=== Section Start ===

(* Fix the parameters $S_1,\dots,S_{\mathcal K}$, $\lambda_1,\dots,\lambda_{\mathcal K}$ of the storage model in the context. Suppose that the linear system \[ \sum_{j=1}^{\kappa_i}\alpha_{ij}=\lambda_i\ (i=1,\dots,\mathcal K),\qquad \sum_{i=1}^{\mathcal K}\sum_{j=1}^{\kappa_i}\alpha_{ij}\,\delta_{\ell,s^i_j}=\tfrac1n\ (\ell=1,\dots,n) \] has no positive solution $(\alpha_{ij})$ (i.e. no solution with all $\alpha_{ij}>0$). Then for any routing policy $P$, the shape process $\tilde X(t)$ with routing policy $P$ is not positive recurrent.
   Context: Storage model: there are $n$ nodes $\{1,\dots,n\}$ and $\mathcal K\ge1$ non-empty neighborhoods $S_1,\dots,S_{\mathcal K}\subset\{1,\dots,n\}$ with $\bigcup_i S_i=\{1,\dots,n\}$; $\kappa_i=|S_i|$ and $S_i=\{s^i_1,\dots,s^i_{\kappa_i}\}$. Items arrive at $S_i$ as independent Poisson processes with rates $\lambda_i>0$, $\sum_{i=1}^{\mathcal K}\lambda_i=1$. Let $\Lambda_i=\{p\in\mathbb R^{\kappa_i}:p_j\ge0,\sum_j p_j=1\}$. A routing policy is a map $P:\mathbb N^n\to\Lambda_1\times\dots\times\Lambda_{\mathcal K}$ with $P(x+c\mathbf 1)=P(x)$ for all integers $c$; an item arriving at $S_i$ when the configuration is $x$ is stored at node $s^i_j$ with probability $p^{(i)}_j(x)$, independently for each arrival (the policy need not be local). $X(t)$ is the vector of node loads, $M(t)=\frac1n\sum_iX_i(t)$, the shape is $\tilde X(t)=X(t)-M(t)\mathbf 1$, and $\tilde X^e(m)$ is the shape observed at successive arrival moments. With $\tau=\inf\{m>0:\tilde X^e(m)=0\}$, the process is positive recurrent if $\mathbf E(\tau\mid\tilde X^e(0)=x)<\infty$ for every state $x$. $\delta_{\ell,m}$ is the Kronecker delta. *)

From HB Require Import structures.
From mathcomp Require Import all_boot all_order all_algebra.
From mathcomp Require Import reals.
Set Implicit Arguments. Unset Strict Implicit. Unset Printing Implicit Defensive.
Import Order.TTheory GRing.Theory Num.Theory.
Local Open Scope ring_scope.

Notation config n := {ffun 'I_n -> nat}.

Definition store n (x : config n) (v : 'I_n) : config n :=
  [ffun u => (x u + (u == v))%N].

Definition shift n (x : config n) (c : nat) : config n :=
  [ffun u => (x u + c)%N].

(* The shape x - M(x) 1 is zero iff all loads are equal. *)
Definition balanced n (x : config n) : bool :=
  [forall u, forall w, x u == x w].

(* A routing policy P : N^n -> Lambda_1 x ... x Lambda_K, where the
   probability vector p^(i) in Lambda_i is indexed by the nodes of S_i:
   P x i v = probability of storing at node v in S_i (0 outside S_i). *)
Definition routing_policy (R : realType) n K (S : 'I_K -> {set 'I_n})
    (P : config n -> 'I_K -> 'I_n -> R) : Prop :=
  (forall x i v, 0 <= P x i v) /\
  (forall x i v, v \notin S i -> P x i v = 0) /\
  (forall x i, \sum_(v in S i) P x i v = 1) /\
  (forall x (c : nat) i v, P (shift x c) i v = P x i v).

(* surv lam S P m x = probability, starting the embedded chain at a
   configuration x, that the shape is not 0 at any of the arrival moments
   1..m, i.e. P_x(tau > m). *)
Fixpoint surv (R : realType) n K (lam : 'I_K -> R) (S : 'I_K -> {set 'I_n})
    (P : config n -> 'I_K -> 'I_n -> R) (m : nat) (x : config n) : R :=
  match m with
  | O => 1
  | m'.+1 => \sum_(i < K) lam i * \sum_(v in S i)
      P x i v * (if balanced (store x v) then 0
                 else surv lam S P m' (store x v))
  end.

(* E(tau | start at x) < oo, using E tau = sum_{m>=0} P(tau > m)
   (valid for N u {oo}-valued tau); nonnegative terms, so finiteness
   is boundedness of the partial sums. *)
Definition finite_mean_return (R : realType) n K (lam : 'I_K -> R)
    (S : 'I_K -> {set 'I_n}) (P : config n -> 'I_K -> 'I_n -> R)
    (x : config n) : Prop :=
  exists B : R, forall N : nat, \sum_(m < N) surv lam S P m x <= B.

Definition positive_recurrent (R : realType) n K (lam : 'I_K -> R)
    (S : 'I_K -> {set 'I_n}) (P : config n -> 'I_K -> 'I_n -> R) : Prop :=
  forall x : config n, finite_mean_return lam S P x.

From HB Require Import structures.
From mathcomp Require Import all_boot all_order all_algebra.
From mathcomp Require Import reals.
From mathcomp Require Import ring lra zify.
Import Order.TTheory GRing.Theory Num.Theory.
Local Open Scope ring_scope.
Set Implicit Arguments. Unset Strict Implicit. Unset Printing Implicit Defensive.

(* Suppose the shape is positive recurrent.  Then every nonempty proper set L
   of nodes satisfies lambda(L) < |L|/n, where lambda(L) is the total rate of
   the neighbourhoods contained in L.  Otherwise the sum Y_L of the shape
   coordinates over L drifts upwards: an arrival at a neighbourhood inside L
   raises it by 1 - |L|/n, any arrival lowers it by at most |L|/n.  Y_L vanishes
   on balanced configurations and has increments bounded by 1, so started at
   Y_L = 1 - |L|/n optional stopping gives P(tau > m) >= (1 - |L|/n)/(m + 1),
   and E tau = sum_m P(tau > m) diverges.
   The inequalities lambda(L) < |L|/n are Hall's condition with slack for
   shipping lambda_i from each neighbourhood S_i to its nodes so that every node
   receives 1/n.  Removing a small amount from every edge keeps Hall's
   condition, Hall's theorem for such transport problems (by induction on the
   number of edges) then provides a feasible plan, and putting the small amount
   back makes it strictly positive: a positive solution of the linear system. *)

Section Transport.
Variables (R : realFieldType) (I J : finType).
Implicit Types (S : I -> {set J}) (a : I -> R) (b : J -> R) (T : {set J}).

Definition supply_within S a T := \sum_(i | S i \subset T) a i.

Definition demand_on b T := \sum_(j in T) b j.

Definition hall_condition S a b := forall T, supply_within S a T <= demand_on b T.

Definition transport_plan S a b (alpha : I -> J -> R) :=
  [/\ forall i j, 0 <= alpha i j, forall i j, j \notin S i -> alpha i j = 0,
      forall i, \sum_j alpha i j = a i & forall j, \sum_i alpha i j = b j].

Lemma supply_within_setT S a : supply_within S a setT = \sum_i a i.
Proof. by apply: eq_bigl => i; rewrite subsetT. Qed.

Lemma demand_on_setT b : demand_on b setT = \sum_j b j.
Proof. by apply: eq_bigl => j; rewrite in_setT. Qed.

Lemma supply_within_D1 S a i0 T : supply_within S a T =
  (if S i0 \subset T then a i0 else 0) + \sum_(i | (i != i0) && (S i \subset T)) a i.
Proof. by rewrite /supply_within big_mkcond (bigD1 i0) //= big_mkcondr. Qed.

Lemma demand_on_modular b T1 T2 :
  demand_on b T1 + demand_on b T2 = demand_on b (T1 :|: T2) + demand_on b (T1 :&: T2).
Proof.
have dE T : demand_on b T = \sum_j (if j \in T then b j else 0) := big_mkcond _ _.
rewrite !dE -!big_split; apply: eq_bigr => j _ /=.
by rewrite !inE; case: (j \in T1); case: (j \in T2); rewrite ?addr0 ?add0r.
Qed.

Section PartialSupply.
Variables (P : pred I) (S : I -> {set J}) (a : I -> R).
Hypothesis a_ge0 : forall i, 0 <= a i.

Lemma partial_supply_mono T1 T2 : T1 \subset T2 ->
  \sum_(i | P i && (S i \subset T1)) a i <= \sum_(i | P i && (S i \subset T2)) a i.
Proof.
move=> sT12; rewrite !big_mkcondr; apply: ler_sum => i _.
have [sST1|_] := boolP (S i \subset T1); first by rewrite (subset_trans sST1 sT12).
by case: ifP.
Qed.

Lemma partial_supply_supermodular T1 T2 :
  \sum_(i | P i && (S i \subset T1)) a i + \sum_(i | P i && (S i \subset T2)) a i <=
  \sum_(i | P i && (S i \subset T1 :|: T2)) a i +
  \sum_(i | P i && (S i \subset T1 :&: T2)) a i.
Proof.
rewrite !big_mkcondr -!big_split; apply: ler_sum => i _ /=; rewrite subsetI.
have := a_ge0 i; case: (boolP (S i \subset T1)) => sT1.
  by rewrite (subset_trans sT1 (subsetUl _ _)); case: (S i \subset T2) => /=; lra.
case: (boolP (S i \subset T2)) => sT2 /=.
  by rewrite (subset_trans sT2 (subsetUr _ _)); lra.
by case: ifP; lra.
Qed.

End PartialSupply.

Lemma transport_plan_no_edges S a b : (forall i j, j \notin S i) ->
  (forall i, 0 <= a i) -> (forall j, 0 <= b j) -> \sum_i a i = \sum_j b j ->
  hall_condition S a b -> transport_plan S a b (fun _ _ => 0).
Proof.
move=> no_edge a_ge0 b_ge0 sum_ab hall.
have S_sub0 i : S i \subset set0 by apply/subsetP => j; rewrite (negbTE (no_edge i j)).
have sum_a0 : \sum_i a i = 0.
  apply/le_anti; rewrite sumr_ge0 // andbT.
  by have := hall set0; rewrite /supply_within (eq_bigl _ _ S_sub0) /demand_on big_set0.
have a0 i : a i = 0 by apply: (psumr_eq0P (fun i _ => a_ge0 i) sum_a0).
have b0 j : b j = 0.
  by rewrite sum_a0 in sum_ab; apply: (psumr_eq0P (fun j _ => b_ge0 j) (esym sum_ab)).
by split=> // [i|j]; rewrite big1_eq ?a0 ?b0.
Qed.

Section ReduceEdge.
Variables (S : I -> {set J}) (a : I -> R) (b : J -> R) (i0 : I) (j0 : J).
Hypotheses (a_ge0 : forall i, 0 <= a i) (b_ge0 : forall j, 0 <= b j).
Hypotheses (hall : hall_condition S a b) (edge0 : j0 \in S i0).

Let others T := \sum_(i | (i != i0) && (S i \subset T)) a i.

Let excess T := supply_within S a T + a i0 - demand_on b T.

(* The least amount i0 must send to j0: once the edge is removed, a set T
   avoiding j0 but containing the rest of S i0 has to absorb all of a i0. *)
Let eps := \big[Num.max/0]_(T : {set J} | (j0 \notin T) && (S i0 :\ j0 \subset T)) excess T.

Let S' i := if i == i0 then S i :\ j0 else S i.
Let a' i := if i == i0 then a i - eps else a i.
Let b' j := if j == j0 then b j - eps else b j.

Let supply_within_others T :
  supply_within S a T = (if S i0 \subset T then a i0 else 0) + others T.
Proof. exact: supply_within_D1. Qed.

Let supply_within_notin T : j0 \notin T -> supply_within S a T = others T.
Proof.
move=> j0T; rewrite supply_within_others ifN ?add0r //.
by apply: contraNN j0T => /subsetP; apply.
Qed.

Let edge_rest_subset T : j0 \in T -> (S i0 :\ j0 \subset T) = (S i0 \subset T).
Proof.
move=> j0T; apply/idP/idP => [sT|]; last exact: subset_trans (subD1set _ _).
by rewrite -(setD1K edge0) subUset sub1set j0T.
Qed.

Let eps_ge0 : 0 <= eps.
Proof. exact: bigmax_ge_id. Qed.

Let excess_le_eps T : j0 \notin T -> S i0 :\ j0 \subset T -> excess T <= eps.
Proof. by move=> j0T sT; apply: le_bigmax_cond; rewrite j0T sT. Qed.

Let eps_le_supply : eps <= a i0.
Proof. by apply: bigmax_le => // T _; have := hall T; rewrite /excess; lra. Qed.

Let eps_le_demand : eps <= b j0.
Proof.
apply: bigmax_le => // T /andP [j0T sT].
have := hall (j0 |: T); rewrite /demand_on big_setU1 //= supply_within_others.
have sU : S i0 \subset j0 |: T.
  by rewrite -edge_rest_subset ?setU11 // (subset_trans sT) ?subsetU1.
rewrite sU /excess (supply_within_notin j0T) /others.
have := partial_supply_mono (fun i => i != i0) S a_ge0 (subsetUr [set j0] T).
rewrite /demand_on; lra.
Qed.

Let eps_le_slack T : j0 \in T -> ~~ (S i0 \subset T) ->
  eps <= demand_on b T - supply_within S a T.
Proof.
move=> j0T nsT; apply: bigmax_le => [|T1 /andP [j0T1 sT1]]; first by have := hall T; lra.
have sU : S i0 \subset T1 :|: T.
  by rewrite -edge_rest_subset ?inE ?j0T ?orbT // (subset_trans sT1) ?subsetUl.
have := hall (T1 :|: T); have := hall (T1 :&: T).
rewrite /excess (supply_within_notin j0T1) !supply_within_others sU (negbTE nsT).
rewrite subsetI (negbTE nsT) andbF /=.
have := partial_supply_supermodular (fun i => i != i0) S a_ge0 T1 T.
have := demand_on_modular b T1 T.
rewrite /others; lra.
Qed.

Let supply_within_reduced T : supply_within S' a' T =
  (if S i0 :\ j0 \subset T then a i0 - eps else 0) + others T.
Proof.
rewrite (supply_within_D1 _ _ i0) /S' /a' !eqxx; congr (_ + _).
by apply: eq_big => [i|i /andP [/negbTE -> _]] //; case: eqP.
Qed.

Let demand_on_reduced T : demand_on b' T = demand_on b T - (if j0 \in T then eps else 0).
Proof.
rewrite /demand_on; case: ifPn => j0T.
  rewrite !(big_setD1 j0 j0T) /= /b' eqxx (eq_bigr b) => [|j /setD1P [/negbTE -> _] //].
  lra.
by rewrite subr0; apply: eq_bigr => j jT; rewrite /b' ifN //; apply: contraNneq j0T => <-.
Qed.

Let hall_reduced : hall_condition S' a' b'.
Proof.
move=> T; rewrite supply_within_reduced demand_on_reduced.
have := hall T; rewrite supply_within_others.
case: (boolP (j0 \in T)) => j0T.
  rewrite edge_rest_subset //.
  case: ifPn => sT; first lra.
  by have := eps_le_slack j0T sT; rewrite supply_within_others (negbTE sT); lra.
rewrite ifN; last by apply: contraNN j0T => /subsetP; apply.
case: ifPn => sT; last lra.
by have := excess_le_eps j0T sT; rewrite /excess supply_within_notin //; lra.
Qed.

Lemma transport_reduce_edge :
  (forall c d, (forall i, 0 <= c i) -> (forall j, 0 <= d j) ->
     \sum_i c i = \sum_j d j -> hall_condition S' c d ->
     exists alpha, transport_plan S' c d alpha) ->
  \sum_i a i = \sum_j b j -> exists alpha, transport_plan S a b alpha.
Proof.
move=> solve_reduced sum_ab.
have a'_ge0 i : 0 <= a' i.
  by rewrite /a'; case: eqP => [->|_]; [have := eps_le_supply; lra | exact: a_ge0].
have b'_ge0 j : 0 <= b' j.
  by rewrite /b'; case: eqP => [->|_]; [have := eps_le_demand; lra | exact: b_ge0].
have sum_a' : \sum_i a' i = \sum_i a i - eps.
  rewrite (bigD1 i0) //= [in RHS](bigD1 i0) //= /a' eqxx.
  by rewrite (eq_bigr a) => [|i /negbTE -> //]; lra.
have sum_b' : \sum_j b' j = \sum_j b j - eps.
  rewrite (bigD1 j0) //= [in RHS](bigD1 j0) //= /b' eqxx.
  by rewrite (eq_bigr b) => [|j /negbTE -> //]; lra.
have sum_ab' : \sum_i a' i = \sum_j b' j by rewrite sum_a' sum_b' sum_ab.
have [alpha [alpha_ge0 alpha_supp rows cols]] :=
  solve_reduced _ _ a'_ge0 b'_ge0 sum_ab' hall_reduced.
exists (fun i j => alpha i j + (if (i == i0) && (j == j0) then eps else 0)); split.
- by move=> i j; rewrite addr_ge0 //; case: ifP => _; [exact: eps_ge0|].
- move=> i j jS; rewrite alpha_supp; last first.
    by rewrite /S'; case: eqP => // _; rewrite in_setD1 (negbTE jS) andbF.
  by case: andP => [[/eqP ij0 /eqP jj0]|]; [move: jS; rewrite ij0 jj0 edge0 | rewrite addr0].
- move=> i; rewrite big_split /= rows /a'; case: eqP => [->|_] /=.
    by rewrite -big_mkcond big_pred1_eq; lra.
  by rewrite big1_eq addr0.
- move=> j; rewrite big_split /= cols /b'; case: eqP => [->|_] /=.
    by under eq_bigr => i _ do rewrite andbT; rewrite -big_mkcond big_pred1_eq; lra.
  by under eq_bigr => i _ do rewrite andbF; rewrite big1_eq addr0.
Qed.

=== Section End ===

## Work request
In the data above, find the line that contains "(* E(tau | start" and the line that contains "(x : config n) : Prop". Repeat exactly those lines and every line between them, and only those.

## Exercise answer
(* E(tau | start at x) < oo, using E tau = sum_{m>=0} P(tau > m)
   (valid for N u {oo}-valued tau); nonnegative terms, so finiteness
   is boundedness of the partial sums. *)
Definition finite_mean_return (R : realType) n K (lam : 'I_K -> R)
    (S : 'I_K -> {set 'I_n}) (P : config n -> 'I_K -> 'I_n -> R)
    (x : config n) : Prop :=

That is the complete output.